Second, at the design level, this particular risk that can be
controlled. Pinning the public keys is the control under many
scenarios. But a modified pinning scheme was offered, which (if I am
running through the use cases properly), pretty much leaves the
original problem untouched.

Third, it''s a leap: the site never gave anything away. It was taken
away from them and given to an externality. I even argue the user did
not give anything away. Most users don't have a security engineering
background, and therefore cannot make that decision. In this case, it
was *surreptitiously* taken away from them and given to an
externality.

> The thing you lament missing due to
> some shadowy committee members (hi! No shadows here!)

Guilty. I do have a suspicious mind :)

> ... if your device is physically owned, it is
> physically owned, and no remote server can express a policy that clients
> will not be able to override, short of Trusted Computing and Remote
> Attestation

OK, two points here.

First, pleading one short coming (such as all software has flaws, like
the firmware, loader and OS) and then claiming its a reason another
flaw (its OK for my application to be defective because there are
lower level defects the attacker can use) is simply bullocks.
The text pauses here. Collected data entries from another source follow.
(* Let $n,m\ge 1$, let $A_1,\dots,A_m\in\mathbb{S}^n$ and $b\in\mathbb{R}^m$ be fixed, and let $p\ge 1$ be such that $\frac{p(p+1)}{2}>\operatorname{rank}\mathcal{A}$ and such that Assumption 1 holds for $p$. Then for almost every cost matrix $C\in\mathbb{S}^n$ (i.e., for all $C$ outside a Lebesgue-null subset of $\mathbb{S}^n$), the following holds: if $Y\in\mathcal{M}_p$ is a second-order critical point of (P), then $Y$ is globally optimal for (P) and $X=YY^\top$ is globally optimal for (SDP).
   Context: $\mathbb{S}^n$ is the space of real symmetric $n\times n$ matrices; $\langle U,V\rangle=\operatorname{tr}(U^\top V)$. The linear map $\mathcal{A}:\mathbb{S}^n\to\mathbb{R}^m$ is $\mathcal{A}(X)_i=\langle A_i,X\rangle$, with adjoint $\mathcal{A}^*(\nu)=\sum_i\nu_iA_i$; $\operatorname{rank}\mathcal{A}$ is the rank of this linear map. For $C\in\mathbb{S}^n$, (SDP) is: minimize $\langle C,X\rangle$ over $X\in\mathbb{S}^n$ with $\mathcal{A}(X)=b$, $X\succeq 0$ (feasible set assumed non-empty). For $p\ge1$, $\mathcal{M}_p=\{Y\in\mathbb{R}^{n\times p}:\mathcal{A}(YY^\top)=b\}$ and (P) is: minimize $g(Y)=\langle CY,Y\rangle$ over $Y\in\mathcal{M}_p$. Assumption 1 (for a given $p$ with $\mathcal{M}_p\neq\emptyset$): either (a) $A_1Y,\dots,A_mY$ are linearly independent in $\mathbb{R}^{n\times p}$ for all $Y\in\mathcal{M}_p$, or (b) $\operatorname{span}\{A_1Y,\dots,A_mY\}$ has the same dimension for all $Y$ in some open neighborhood of $\mathcal{M}_p$ in $\mathbb{R}^{n\times p}$. For $Y\in\mathcal{M}_p$: the tangent space is $T_Y=\{\dot Y\in\mathbb{R}^{n\times p}:\langle A_iY,\dot Y\rangle=0,\ i=1,\dots,m\}$; $G(Y)\in\mathbb{R}^{m\times m}$ has entries $G_{ij}=\langle A_iY,A_jY\rangle$; $\mu(Y)=G(Y)^\dagger\mathcal{A}(CYY^\top)$ (Moore–Penrose pseudo-inverse); $S(Y)=C-\mathcal{A}^*(\mu(Y))$. $Y$ is a (first-order) critical point of (P) if $S(Y)Y=0$, and a second-order critical point if moreover $\langle\dot Y,S(Y)\dot Y\rangle\ge0$ for all $\dot Y\in T_Y$. *)

From HB Require Import structures.
From mathcomp Require Import all_boot all_order all_algebra.
From mathcomp Require Import reals.
From Stdlib Require Import ClassicalEpsilon.

Set Implicit Arguments.
Unset Strict Implicit.
Unset Printing Implicit Defensive.

Import Order.TTheory GRing.Theory Num.Theory.
Local Open Scope ring_scope.

Section BMdefs.
Variable R : realType.

Definition inner (r c : nat) (U V : 'M[R]_(r, c)) : R := \tr (U^T *m V).

Definition sym_mx (n : nat) (X : 'M[R]_n) : Prop := X^T = X.

Definition psd (n : nat) (X : 'M[R]_n) : Prop :=
  forall v : 'cV[R]_n, 0 <= (v^T *m X *m v) 0 0.

Definition Aop (n m : nat) (A : 'I_m -> 'M[R]_n) (X : 'M[R]_n) : 'I_m -> R :=
  fun i => inner (A i) X.

Definition Aadj (n m : nat) (A : 'I_m -> 'M[R]_n) (nu : 'I_m -> R) : 'M[R]_n :=
  \sum_(i < m) nu i *: A i.

(* rank of cal A: the rank of its matrix, whose i-th row is vec(A_i)
   (since <A_i, X> = vec(A_i) . vec(X)). *)
Definition rankA (n m : nat) (A : 'I_m -> 'M[R]_n) : nat :=
  \rank (\matrix_(i < m) mxvec (A i)).

Definition SDP_feasible (n m : nat) (A : 'I_m -> 'M[R]_n) (b : 'I_m -> R)
  (X : 'M[R]_n) : Prop :=
  sym_mx X /\ psd X /\ Aop A X = b.

Definition SDP_optimal (n m : nat) (A : 'I_m -> 'M[R]_n) (b : 'I_m -> R)
  (C X : 'M[R]_n) : Prop :=
  SDP_feasible A b X /\
  forall X', SDP_feasible A b X' -> inner C X <= inner C X'.

Definition Mp (n m p : nat) (A : 'I_m -> 'M[R]_n) (b : 'I_m -> R)
  (Y : 'M[R]_(n, p)) : Prop :=
  Aop A (Y *m Y^T) = b.

Definition gcost (n p : nat) (C : 'M[R]_n) (Y : 'M[R]_(n, p)) : R :=
  inner (C *m Y) Y.

Definition P_optimal (n m p : nat) (A : 'I_m -> 'M[R]_n) (b : 'I_m -> R)
  (C : 'M[R]_n) (Y : 'M[R]_(n, p)) : Prop :=
  Mp A b Y /\ forall Z : 'M[R]_(n, p), Mp A b Z -> gcost C Y <= gcost C Z.

Definition spandim (n m p : nat) (A : 'I_m -> 'M[R]_n) (Y : 'M[R]_(n, p)) : nat :=
  \rank (\matrix_(i < m) mxvec (A i *m Y)).

Definition open_mx (n p : nat) (U : 'M[R]_(n, p) -> Prop) : Prop :=
  forall Y, U Y -> exists2 eps : R, 0 < eps &
    forall Z : 'M[R]_(n, p), (forall i j, `|Z i j - Y i j| < eps) -> U Z.

Definition assumption1 (n m p : nat) (A : 'I_m -> 'M[R]_n) (b : 'I_m -> R) : Prop :=
  (forall Y : 'M[R]_(n, p), Mp A b Y ->
     forall c : 'I_m -> R, \sum_(i < m) c i *: (A i *m Y) = 0 -> forall i, c i = 0)
  \/
  (exists U : 'M[R]_(n, p) -> Prop,
     open_mx U /\ (forall Y, Mp A b Y -> U Y) /\
     exists r : nat, forall Y, U Y -> spandim A Y = r).

Definition tangent (n m p : nat) (A : 'I_m -> 'M[R]_n) (Y Yd : 'M[R]_(n, p)) : Prop :=
  forall i, inner (A i *m Y) Yd = 0.

Definition is_MP_pinv (k : nat) (G X : 'M[R]_k) : Prop :=
  G *m X *m G = G /\ X *m G *m X = X /\ (G *m X)^T = G *m X /\ (X *m G)^T = X *m G.

Definition MP_pinv (k : nat) (G : 'M[R]_k) : 'M[R]_k :=
  epsilon (inhabits 0) (is_MP_pinv G).

Definition Gram (n m p : nat) (A : 'I_m -> 'M[R]_n) (Y : 'M[R]_(n, p)) : 'M[R]_m :=
  \matrix_(i, j) inner (A i *m Y) (A j *m Y).

Definition mu (n m p : nat) (A : 'I_m -> 'M[R]_n) (C : 'M[R]_n) (Y : 'M[R]_(n, p))
  : 'I_m -> R :=
  fun i => (MP_pinv (Gram A Y) *m \col_(j < m) Aop A (C *m Y *m Y^T) j) i 0.

Definition Smat (n m p : nat) (A : 'I_m -> 'M[R]_n) (C : 'M[R]_n) (Y : 'M[R]_(n, p))
  : 'M[R]_n := C - Aadj A (mu A C Y).

Definition critical (n m p : nat) (A : 'I_m -> 'M[R]_n) (b : 'I_m -> R)
  (C : 'M[R]_n) (Y : 'M[R]_(n, p)) : Prop :=
  Mp A b Y /\ Smat A C Y *m Y = 0.

Definition second_order_critical (n m p : nat) (A : 'I_m -> 'M[R]_n) (b : 'I_m -> R)
  (C : 'M[R]_n) (Y : 'M[R]_(n, p)) : Prop :=
  critical A b C Y /\
  forall Yd : 'M[R]_(n, p), tangent A Y Yd -> 0 <= inner Yd (Smat A C Y *m Yd).

(* Lebesgue-null subsets of S^n, using the coordinates (X_ij)_{i <= j}
   identifying S^n with R^{n(n+1)/2}: N is covered, for every eps > 0, by a
   countable family of closed boxes of total volume <= eps. *)
Definition upper_idx (n : nat) := {ij : 'I_n * 'I_n | (ij.1 <= ij.2)%N}.

Definition sym_null (n : nat) (N : 'M[R]_n -> Prop) : Prop :=
  (forall X, N X -> sym_mx X) /\
  forall eps : R, 0 < eps ->
    exists lo hi : nat -> upper_idx n -> R,
      (forall k ij, lo k ij <= hi k ij) /\
      (forall X, N X -> exists k, forall ij : upper_idx n,
          lo k ij <= X (val ij).1 (val ij).2 <= hi k ij) /\
      (forall K : nat, \sum_(k < K) \prod_(ij : upper_idx n) (hi k ij - lo k ij) <= eps).

End BMdefs.

(* A second-order critical point [Y] of the Burer-Monteiro problem has
   [S = S(Y)] symmetric with [S Y = 0] and [C = S + A^*(mu)].  If [rank Y < p],
   some [v <> 0] has [Y v = 0]; the tangent directions [u v^T] then show that
   [S] is positive semidefinite, so [mu] is a dual certificate and [Y], [Y Y^T]
   are optimal.  Otherwise [Y] has rank [p], and [C] lies in the set of costs
   [S + A^*(mu)] with [S] symmetric annihilating some rank-[p] matrix.  Choosing
   [p] independent rows of [Y], this set is covered by countably many Lipschitz
   images of cubes of dimension
   [p (n - p) + (n - p)(n - p + 1)/2 + rank A < n (n + 1)/2],
   which is where [rank A < p (p + 1)/2] is used; such images are null. *)

From HB Require Import structures.
From mathcomp Require Import all_boot all_order all_algebra.
From mathcomp Require Import reals.
From mathcomp Require Import ring lra zify.
From Stdlib Require Import ClassicalEpsilon.
From Stdlib Require Cantor.

Set Implicit Arguments.
Unset Strict Implicit.
Unset Printing Implicit Defensive.

Import Order.TTheory GRing.Theory Num.Theory.
Local Open Scope ring_scope.

(** * Positive semidefinite matrices *)

Section Psd.
Variables (R : realType) (n : nat).
Implicit Types (S X : 'M[R]_n) (u v : 'cV[R]_n).

Definition bform X u v : R := (u^T *m X *m v) 0 0.

Lemma bformDl X u1 u2 v : bform X (u1 + u2) v = bform X u1 v + bform X u2 v.
Proof. by rewrite /bform linearD /= !mulmxDl mxE. Qed.

Lemma bformDr X u v1 v2 : bform X u (v1 + v2) = bform X u v1 + bform X u v2.
Proof. by rewrite /bform mulmxDr mxE. Qed.

Lemma bformZl X c u v : bform X (c *: u) v = c * bform X u v.
Proof. by rewrite /bform linearZ /= -!scalemxAl mxE. Qed.

Lemma bformZr X c u v : bform X u (c *: v) = c * bform X u v.
Proof. by rewrite /bform -!scalemxAr mxE. Qed.

Lemma bformNl X u v : bform X (- u) v = - bform X u v.
Proof. by rewrite -scaleN1r bformZl mulN1r. Qed.

Lemma bformNr X u v : bform X u (- v) = - bform X u v.
Proof. by rewrite -scaleN1r bformZr mulN1r. Qed.

Definition bformE := (bformDl, bformDr, bformZl, bformZr, bformNl, bformNr).

Lemma bformC X u v : sym_mx X -> bform X u v = bform X v u.
Proof.
move=> sX; rewrite /bform; transitivity ((v^T *m X *m u)^T 0 0); last by rewrite mxE.
by rewrite !trmx_mul trmxK sX mulmxA.
Qed.

Lemma sym_mxE X i j : sym_mx X -> X i j = X j i.
Proof. by move=> sX; rewrite -{1}sX mxE. Qed.

Lemma bform_delta X i j : bform X (delta_mx i 0) (delta_mx j 0) = X i j.
Proof. by rewrite /bform trmx_delta -rowE -colE !mxE. Qed.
If
that's really the argument being made, then do away with HTTPS
altogether because there's always going to be a flaw somewhere (even
in HTTPS/PKI{X} itself).

Second, the attacker is a network attacker, and not a physical
attacker. So while the device may be owned (i.e., its got an
untrustworthy CA; or the firmware, loader, OS and application has
flaws), the attacker is only effective at the network level. In this
case, the software can provide effective controls to reduce risk.

I am aware there are residual risks. If the attacker steps up his
game, then we will look at other controls.

> I've avoided commenting all of the other times you've misrepresented how
> this came to be, but lest it be seen that our silence is assent, I have to
> at least call out this dissent.

I think its good that you raised the counterpoints.

----------

As a post script, I have two open questions. Perhaps you can help set
the record straight for posterity.

First, the open question of: why was circumvention added and why was
the policy element to stop circumvention taken away? In this thread
(https://www.ietf.org/mail-archive/web/tls/current/msg14722.html),
Yoav Nir claimed the policy element was removed because there was no
support for it. But that's a symptom, and not the reason.

I suspect it is primarily related to advertising, buts its just
speculation. Under the Advertising Theory, revenue is generated when
the message gets through, so the message must always get through.
Stopping the message because the channel is known insecure is not an
option for the business model.

Second, the open question of: why is the application relying on the
platform to perform pinning in a TOFU scheme? Why is the application
itself not allowed to perform the pinning at the application level? If
the application pins, it no longer a TOFU scheme because the
application is leveraging its *a priori* knowledge.

For example, WebSockets does not provide methods to query connection
security parameters. With things like trusted distribution channels,
application stores and side loaded trusted code, I don't have to worry
too much about tampering in transit. That means applications like the
Self Serve, Single Password Sign-On Change application can be assured
with a high degree of certainty its passing its high value data to the
right server, and not some middleware box or an imposter.